● **Work request**: Nothing but a number is wanted here: the count of lines in the data holding the word "case".

● **Dataset excerpts**:
Lemma weight_notin u d : u \notin S -> 0 < d -> d + d < g ->
  (3 - dweight d * n_avoiding u d <= weightGS e S u)%R.
Proof.
move=> uS d_gt0 dg; have := potential_ge3 u d_gt0 (ltnW dg).
have := hit_mass_le_weight uS dg; rewrite /potential; lra.
Qed.

End SelfAvoidingPaths.

Lemma n_avoiding_le_sub (T : finType) (e : rel T) (X S : {set T}) u k :
  X \subset S -> (n_avoiding e S u k <= n_avoiding e X u k)%R.
Proof.
move=> XS; apply: sumR_le => t _ _; rewrite /avoids.
case S_t: (all _ t); case X_t: (all _ t) => /=; try lra.
by move: X_t; rewrite (sub_all _ S_t) // => x; apply: contra; apply: (subsetP XS).
Qed.

Section BernoulliSubsets.

Variables (T : finType) (p : R).
Hypothesis p01 : (0 <= p <= 1)%R.

(* The probability of [X] when every vertex is put in [X] independently with
   probability [p]; sums against it are expectations. *)
Definition bernoulli (X : {set T}) : R :=
  \big[Rmult/1%R]_(x : T) (if x \in X then p else 1 - p)%R.

Lemma bernoulli_ge0 X : (0 <= bernoulli X)%R.
Proof. by apply: prodR_ge0 => x _; case: ifP => _; lra. Qed.

Lemma sum_bernoulli : (\big[Rplus/0]_(X : {set T}) bernoulli X = 1)%R.
Proof. by rewrite /bernoulli -(bigA_distr 1%R Rplus) big1 // => x _ /=; ring. Qed.

Lemma sum_bernoulli_mem x0 :
  (\big[Rplus/0]_(X : {set T}) (bernoulli X * b2R (x0 \in X)) = p)%R.
Proof.
have factor X : (bernoulli X * b2R (x0 \in X))%R =
    \big[Rmult/1%R]_(x : T) (if x \in X then p else if x == x0 then 0 else 1 - p)%R.
  rewrite /bernoulli (bigD1 x0) //= [in RHS](bigD1 x0) //= eqxx.
  rewrite [in RHS](eq_bigr (fun x => if x \in X then p else 1 - p)%R) => [|x /negbTE->] //.
  by case: (x0 \in X) => /=; ring.
rewrite (eq_bigr _ (fun X _ => factor X)) -(bigA_distr 1%R Rplus) (bigD1 x0) //= eqxx.
by rewrite big1 => [|x /negbTE->]; ring.
Qed.

Lemma sum_bernoulli_card :
  (\big[Rplus/0]_(X : {set T}) (bernoulli X * INR #|X|) = p * INR #|T|)%R.
Proof.
rewrite (eq_bigr (fun X => \big[Rplus/0%R]_(x : T) (bernoulli X * b2R (x \in X)))%R);
  last by move=> X _; rewrite card_b2R mulR_sumr.
rewrite exchange_big (eq_bigr (fun=> p)) => [|x _]; last exact: sum_bernoulli_mem.
by rewrite sumR_const_card.
Qed.

Lemma sum_bernoulli_avoids (t : seq T) : uniq t ->
  (\big[Rplus/0]_(X : {set T}) (bernoulli X * b2R (avoids X t)) = (1 - p) ^ size t)%R.
Proof.
move=> t_uniq.
have factor X : (bernoulli X * b2R (avoids X t))%R =
    \big[Rmult/1%R]_(x : T) (if x \in X then (if x \in t then 0 else p) else 1 - p)%R.
  case X_t: (avoids X t).
    rewrite Rmult_1_r; apply: eq_bigr => x _.
    by case: ifP => // xX; case: ifP => // /(allP X_t); rewrite xX.
  move/negbT: X_t => /allPn[x0 x0t]; rewrite negbK => x0X.
  by rewrite Rmult_0_r (bigD1 x0) //= x0X x0t; ring.
rewrite (eq_bigr _ (fun X _ => factor X)) -(bigA_distr 1%R Rplus).
rewrite (eq_bigr (fun x => if x \in t then (1 - p)%R else 1%R)) => [|x _]; last first.
  by case: (x \in t) => /=; ring.
by rewrite -big_mkcond -big_uniq // prodR_const.
Qed.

● **Written response**: 6